Exercise aim
Only the lines from the first line of the records through the line containing "(forall U : funion, is_funion" belong in the answer. Copy them exactly.

Stored data

== == ==

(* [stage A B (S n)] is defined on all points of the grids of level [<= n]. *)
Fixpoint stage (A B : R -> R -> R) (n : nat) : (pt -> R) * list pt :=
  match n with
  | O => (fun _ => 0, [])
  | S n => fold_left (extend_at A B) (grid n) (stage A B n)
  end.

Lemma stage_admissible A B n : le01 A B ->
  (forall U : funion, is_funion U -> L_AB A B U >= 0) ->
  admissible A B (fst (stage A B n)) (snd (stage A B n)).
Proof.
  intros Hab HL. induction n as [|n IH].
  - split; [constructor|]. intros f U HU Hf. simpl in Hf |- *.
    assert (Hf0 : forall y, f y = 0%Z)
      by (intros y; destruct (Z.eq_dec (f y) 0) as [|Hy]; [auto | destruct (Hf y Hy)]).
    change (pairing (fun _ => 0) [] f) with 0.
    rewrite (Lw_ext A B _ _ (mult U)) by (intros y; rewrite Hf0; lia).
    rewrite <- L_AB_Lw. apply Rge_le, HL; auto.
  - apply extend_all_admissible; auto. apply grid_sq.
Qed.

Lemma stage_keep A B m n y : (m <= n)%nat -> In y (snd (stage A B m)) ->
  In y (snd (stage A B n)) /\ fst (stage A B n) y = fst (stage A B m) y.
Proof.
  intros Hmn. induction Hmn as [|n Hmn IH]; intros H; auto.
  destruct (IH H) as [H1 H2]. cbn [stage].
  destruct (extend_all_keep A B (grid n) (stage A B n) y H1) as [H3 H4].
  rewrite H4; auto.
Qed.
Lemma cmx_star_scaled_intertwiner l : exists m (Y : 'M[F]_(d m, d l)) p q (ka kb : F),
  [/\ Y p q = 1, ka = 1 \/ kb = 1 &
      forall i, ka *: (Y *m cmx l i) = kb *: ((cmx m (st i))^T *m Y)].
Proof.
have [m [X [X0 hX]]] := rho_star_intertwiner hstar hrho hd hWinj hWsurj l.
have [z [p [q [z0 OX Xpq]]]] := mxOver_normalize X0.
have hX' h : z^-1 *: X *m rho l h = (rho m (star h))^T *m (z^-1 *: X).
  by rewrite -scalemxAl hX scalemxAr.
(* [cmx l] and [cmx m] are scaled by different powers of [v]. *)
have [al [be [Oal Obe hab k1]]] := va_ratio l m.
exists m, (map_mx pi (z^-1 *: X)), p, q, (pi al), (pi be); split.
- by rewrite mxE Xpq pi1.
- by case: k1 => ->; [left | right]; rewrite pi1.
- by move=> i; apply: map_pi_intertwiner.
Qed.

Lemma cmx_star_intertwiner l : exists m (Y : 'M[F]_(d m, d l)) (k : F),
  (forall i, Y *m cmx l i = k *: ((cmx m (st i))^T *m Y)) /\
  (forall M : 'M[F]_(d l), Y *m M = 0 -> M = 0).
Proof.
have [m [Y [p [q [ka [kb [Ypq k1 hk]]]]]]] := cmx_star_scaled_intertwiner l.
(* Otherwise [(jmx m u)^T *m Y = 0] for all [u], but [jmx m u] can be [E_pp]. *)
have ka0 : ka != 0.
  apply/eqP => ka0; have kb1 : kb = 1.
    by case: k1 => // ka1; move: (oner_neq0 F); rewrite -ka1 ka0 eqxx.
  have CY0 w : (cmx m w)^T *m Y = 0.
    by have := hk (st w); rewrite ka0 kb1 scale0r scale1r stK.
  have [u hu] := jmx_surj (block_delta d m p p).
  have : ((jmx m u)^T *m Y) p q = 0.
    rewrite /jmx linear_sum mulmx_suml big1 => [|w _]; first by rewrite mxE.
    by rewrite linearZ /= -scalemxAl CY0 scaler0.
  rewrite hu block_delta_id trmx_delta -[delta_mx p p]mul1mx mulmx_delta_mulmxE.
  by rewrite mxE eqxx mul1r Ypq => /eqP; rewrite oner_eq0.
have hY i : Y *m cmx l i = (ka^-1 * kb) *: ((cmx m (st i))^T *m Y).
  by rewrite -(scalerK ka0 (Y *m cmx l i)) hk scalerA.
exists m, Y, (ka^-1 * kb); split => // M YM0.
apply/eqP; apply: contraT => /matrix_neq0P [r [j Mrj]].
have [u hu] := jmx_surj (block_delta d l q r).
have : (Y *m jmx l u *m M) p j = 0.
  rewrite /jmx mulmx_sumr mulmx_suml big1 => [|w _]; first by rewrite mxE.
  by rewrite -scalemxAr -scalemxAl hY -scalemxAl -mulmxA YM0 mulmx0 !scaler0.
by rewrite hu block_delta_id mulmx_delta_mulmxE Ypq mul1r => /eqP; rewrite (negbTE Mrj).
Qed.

== == ==

Your solution
(* [stage A B (S n)] is defined on all points of the grids of level [<= n]. *)
Fixpoint stage (A B : R -> R -> R) (n : nat) : (pt -> R) * list pt :=
  match n with
  | O => (fun _ => 0, [])
  | S n => fold_left (extend_at A B) (grid n) (stage A B n)
  end.

Lemma stage_admissible A B n : le01 A B ->
  (forall U : funion, is_funion U -> L_AB A B U >= 0) ->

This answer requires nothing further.